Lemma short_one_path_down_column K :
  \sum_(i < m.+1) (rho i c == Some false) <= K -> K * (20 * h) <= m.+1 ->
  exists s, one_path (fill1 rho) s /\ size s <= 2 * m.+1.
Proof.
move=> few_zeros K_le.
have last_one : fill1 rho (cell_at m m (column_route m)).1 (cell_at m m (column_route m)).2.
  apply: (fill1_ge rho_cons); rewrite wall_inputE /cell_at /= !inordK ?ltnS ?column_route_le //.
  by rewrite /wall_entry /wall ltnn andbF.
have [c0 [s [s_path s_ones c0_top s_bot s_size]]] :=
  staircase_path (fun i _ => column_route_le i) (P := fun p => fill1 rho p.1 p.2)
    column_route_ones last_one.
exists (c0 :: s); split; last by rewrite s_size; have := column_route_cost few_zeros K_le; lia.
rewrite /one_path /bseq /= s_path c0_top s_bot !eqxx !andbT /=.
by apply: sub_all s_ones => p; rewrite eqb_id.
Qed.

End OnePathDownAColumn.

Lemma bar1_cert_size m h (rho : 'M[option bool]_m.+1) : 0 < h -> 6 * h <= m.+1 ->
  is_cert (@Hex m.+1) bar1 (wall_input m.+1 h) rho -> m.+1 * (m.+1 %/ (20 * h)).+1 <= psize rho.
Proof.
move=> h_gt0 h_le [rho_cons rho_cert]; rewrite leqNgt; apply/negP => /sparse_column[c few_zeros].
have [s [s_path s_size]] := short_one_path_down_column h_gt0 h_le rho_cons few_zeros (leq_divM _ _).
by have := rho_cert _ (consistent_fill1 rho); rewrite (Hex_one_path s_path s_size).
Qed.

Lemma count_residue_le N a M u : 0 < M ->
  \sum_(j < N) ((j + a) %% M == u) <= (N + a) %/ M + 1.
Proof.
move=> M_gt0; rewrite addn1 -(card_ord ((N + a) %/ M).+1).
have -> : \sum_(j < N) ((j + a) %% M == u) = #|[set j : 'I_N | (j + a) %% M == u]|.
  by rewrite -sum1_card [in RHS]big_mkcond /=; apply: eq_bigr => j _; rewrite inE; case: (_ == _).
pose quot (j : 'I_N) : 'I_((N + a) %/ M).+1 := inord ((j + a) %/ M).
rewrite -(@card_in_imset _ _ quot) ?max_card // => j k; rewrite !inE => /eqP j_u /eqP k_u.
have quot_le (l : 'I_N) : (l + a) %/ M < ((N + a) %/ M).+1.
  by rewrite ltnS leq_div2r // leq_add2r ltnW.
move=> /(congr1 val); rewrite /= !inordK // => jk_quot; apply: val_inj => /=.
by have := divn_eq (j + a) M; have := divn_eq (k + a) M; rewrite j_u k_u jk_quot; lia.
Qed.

━━━━━━━━

- _Exercise aim_: Nothing in the material should be left out; output it exactly.

- _Answer box_:
Lemma short_one_path_down_column K :
  \sum_(i < m.+1) (rho i c == Some false) <= K -> K * (20 * h) <= m.+1 ->
  exists s, one_path (fill1 rho) s /\ size s <= 2 * m.+1.
Proof.
move=> few_zeros K_le.
have last_one : fill1 rho (cell_at m m (column_route m)).1 (cell_at m m (column_route m)).2.
  apply: (fill1_ge rho_cons); rewrite wall_inputE /cell_at /= !inordK ?ltnS ?column_route_le //.
  by rewrite /wall_entry /wall ltnn andbF.
have [c0 [s [s_path s_ones c0_top s_bot s_size]]] :=
  staircase_path (fun i _ => column_route_le i) (P := fun p => fill1 rho p.1 p.2)
    column_route_ones last_one.
exists (c0 :: s); split; last by rewrite s_size; have := column_route_cost few_zeros K_le; lia.
rewrite /one_path /bseq /= s_path c0_top s_bot !eqxx !andbT /=.
by apply: sub_all s_ones => p; rewrite eqb_id.
Qed.

End OnePathDownAColumn.

Lemma bar1_cert_size m h (rho : 'M[option bool]_m.+1) : 0 < h -> 6 * h <= m.+1 ->
  is_cert (@Hex m.+1) bar1 (wall_input m.+1 h) rho -> m.+1 * (m.+1 %/ (20 * h)).+1 <= psize rho.
Proof.
move=> h_gt0 h_le [rho_cons rho_cert]; rewrite leqNgt; apply/negP => /sparse_column[c few_zeros].
have [s [s_path s_size]] := short_one_path_down_column h_gt0 h_le rho_cons few_zeros (leq_divM _ _).
by have := rho_cert _ (consistent_fill1 rho); rewrite (Hex_one_path s_path s_size).
Qed.

Lemma count_residue_le N a M u : 0 < M ->
  \sum_(j < N) ((j + a) %% M == u) <= (N + a) %/ M + 1.
Proof.
move=> M_gt0; rewrite addn1 -(card_ord ((N + a) %/ M).+1).
have -> : \sum_(j < N) ((j + a) %% M == u) = #|[set j : 'I_N | (j + a) %% M == u]|.
  by rewrite -sum1_card [in RHS]big_mkcond /=; apply: eq_bigr => j _; rewrite inE; case: (_ == _).
pose quot (j : 'I_N) : 'I_((N + a) %/ M).+1 := inord ((j + a) %/ M).
rewrite -(@card_in_imset _ _ quot) ?max_card // => j k; rewrite !inE => /eqP j_u /eqP k_u.
have quot_le (l : 'I_N) : (l + a) %/ M < ((N + a) %/ M).+1.
  by rewrite ltnS leq_div2r // leq_add2r ltnW.
move=> /(congr1 val); rewrite /= !inordK // => jk_quot; apply: val_inj => /=.
by have := divn_eq (j + a) M; have := divn_eq (k + a) M; rewrite j_u k_u jk_quot; lia.
Qed.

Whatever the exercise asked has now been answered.